Bokuto Ni Yoru Kendo Kihon-Waza Keiko-Ho (木刀による剣道基本技稽古法) – Tips to Help Memorize Their Order and Resources

I wrote this article as an aid for me to learn the “Practice Methods of Basic Kendo Techniques with a bokuto (wooden sword)” developed by the All Japan Kendo Federation (AJKF).  It may be useful for others as well.  Our dojo recently started learning and practicing this keiko-ho (Practice Method) consisting of nine forms – prompted by new guidelines published in April 2019 by the All United States Kendo Federation (AUSKF) [AUSKF_Bokuto].  Starting in 2020, 3rd kyu candidates will be required to perform Keiko-ho 1 to 4 and 2nd kyu candidates, the complete set from 1 to 9.

Here’s some tips to aid in memorizing their order and some resources in terms of Videos, Books and Articles.

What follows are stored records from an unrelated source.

Lemma place_separated : honeycomb_nondeg a1 a2 ->
  forall g u w, separated u w -> (place g u == place g w) = (u == w).
Proof.
move=> nondeg g u w; case: (eqVneq u w) => [->|uw]; first by rewrite !eqxx.
rewrite /separated (negbTE uw) /= => sep; apply/negbTE.
rewrite /place xpair_eqE negb_and.
case/orP: sep => [/andP[/andP[typ_neq u3] w3]|/(nonzero_offsets_ok nondeg) nz].
  by apply/orP; right; apply: contra typ_neq => /eqP /(congr1 val) /=; rewrite !inordK // => ->.
apply/orP; left; apply: contra nz; rewrite (inj_eq (addrI g)) cellB => /eqP ->.
by rewrite subrr.
Qed.

Lemma mem_place_separated : honeycomb_nondeg a1 a2 ->
  forall g u W, all (separated u) W -> (place g u \in map (place g) W) = (u \in W).
Proof.
move=> nondeg g u; elim=> //= w W IH /andP[sep_uw sep_uW].
by rewrite !inE IH // place_separated.
Qed.

Lemma bnd_eq_place (s : 'I_6) (d : bool) q L g (c : redge) : (c.2 < 3)%N ->
  bnd a1 a2 s d q L = place g c ->
  exists2 k, (k < 6)%N & bnd_typ k = c.2 /\ q = g + cell (vsub c.1 (bnd_off k)).
Proof.
move=> c3; rewrite /bnd bgeoE /place => -[Eq Et].
exists (kidx s d (L + 5) %% 6)%N; first by rewrite ltn_pmod.
split; last by rewrite cellB addrA -Eq addrK.
by move: (congr1 val Et); rewrite /= !inordK // bnd_typ_lt3.
Qed.

Lemma outl_eq_place (s : 'I_6) (d : bool) q l g (c : redge) : (c.2 < 3)%N ->
  outl a1 a2 s d q l = place g c ->
  exists2 k, (k < 6)%N & out_typ k = c.2 /\ q = g + cell (vsub c.1 (out_off k)).
Proof.
move=> c3; rewrite /outl ogeoE /place => -[Eq Et].
set k := (_ %% 6)%N in Eq Et; exists k; first by rewrite ltn_pmod.
split; last by rewrite cellB addrA -Eq addrK.
by move: (congr1 val Et); rewrite /= !inordK // out_typ_lt3.
Qed.

Lemma edir_cell (t : nat) : (t < 3)%N -> edir a1 a2 (inord t) = cell (dir_vec t).
Proof.
rewrite /edir /cell; case: t => [|[|[|t]]] //= t3; rewrite inordK //=;
by rewrite ?mulr0z ?mulr1z ?addr0 ?add0r.
Qed.

Lemma share_vertex_place g u w : (u.2 < 3)%N -> (w.2 < 3)%N -> rshare u w ->
  share_vertex a1 a2 (place g u) (place g w).
Proof.
move=> u3 w3.
have vA_place x : vA (place g x) = (g + cell (rvA x).1, (rvA x).2) by [].
have vB_place x : (x.2 < 3)%N -> vB a1 a2 (place g x) = (g + cell (rvB x).1, (rvB x).2).
  by move=> x3; rewrite /vB /place /= (edir_cell _ x3) -addrA -cellB.
have lift x y : x == y -> (g + cell x.1, x.2) == (g + cell y.1, y.2) by move=> /eqP ->.
rewrite /share_vertex !vA_place !vB_place //.
by case/or4P => /lift E; apply/or4P; [constructor 1|constructor 2|constructor 3|constructor 4].
Qed.

End Placement.

Arguments place_separated {G a1 a2}.
Arguments mem_place_separated {G a1 a2}.
Arguments bnd_eq_place {G a1 a2} s d {q L g c}.
Arguments outl_eq_place {G a1 a2} s d {q l g c}.
Arguments share_vertex_place {G a1 a2}.

Section SingleEdge.
Variables (G : finZmodType) (a1 a2 : G) (s : 'I_6) (d : bool).
Hypothesis nondeg : honeycomb_nondeg a1 a2.
Variables (g : G) (t : 'I_3).
Local Notation e := ((g, t) : edge G).
Local Notation cell := (cell a1 a2).
Local Notation place := (place a1 a2 g).
Local Notation bphase := (bphase a1 a2 s d).
Local Notation alpha_p := (alpha_p a1 a2 s d).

Tips to Help Memorize Their Order

Part of the challenge for me is in memorizing the sequence of the Keiko-ho.  Here’s some insights that may help:

  • As explained in [Quinlan_KataBokutoWaza, p. 49] [TriangleKendo_Bokuto], the first four are classified as Shikake-waza (techniques to initiate an attack) and the last five as Oji-waza (techniques to counter an attack) .
    • The four Shikake-waza consist of:  Single-strikes (men, kote, do, tsuki), multiple-strikes (kote-men), sweeping the opponent’s (motodachi‘s) sword aside before striking (harai-men) and striking while stepping away from the opponent (hiki-men).
      • This seems to be in order of increasing difficulty for and a natural order of teaching them to a beginner.
    • The five Oji-waza consist of: a nuki-waza dodging-technqiue (men nuki-do), a suriage-waza parrying (kote suriage-men), a debana-waza* (debana kote), a kaeshi-waza receiving and countering (men kaeshi-do) and, finally, an uchi-otoshi-waza striking-down technique (do uchi-otoshi-men).
      • For the Oji-waza, I’d roughly categorize the first three as techniques with little to no blocking and the last two with full blocking.
      • For the first three Oji-waza, the techniques seem to be increasingly more pre-emptive in nature where the kakarite‘s** strike is closer to the launching point of the motodachi‘s attack***:
        • The first where the motodachi is closer to the tail end of striking men (one of the furthest targets for the motodachi) before getting struck.
        • The second where the motodachi is closer to the tail end of striking kote (the closest target for the motodachi) before getting struck.
        • And the third where the motodachi is closer to the launching point of striking a men and has hardly moved before getting struck.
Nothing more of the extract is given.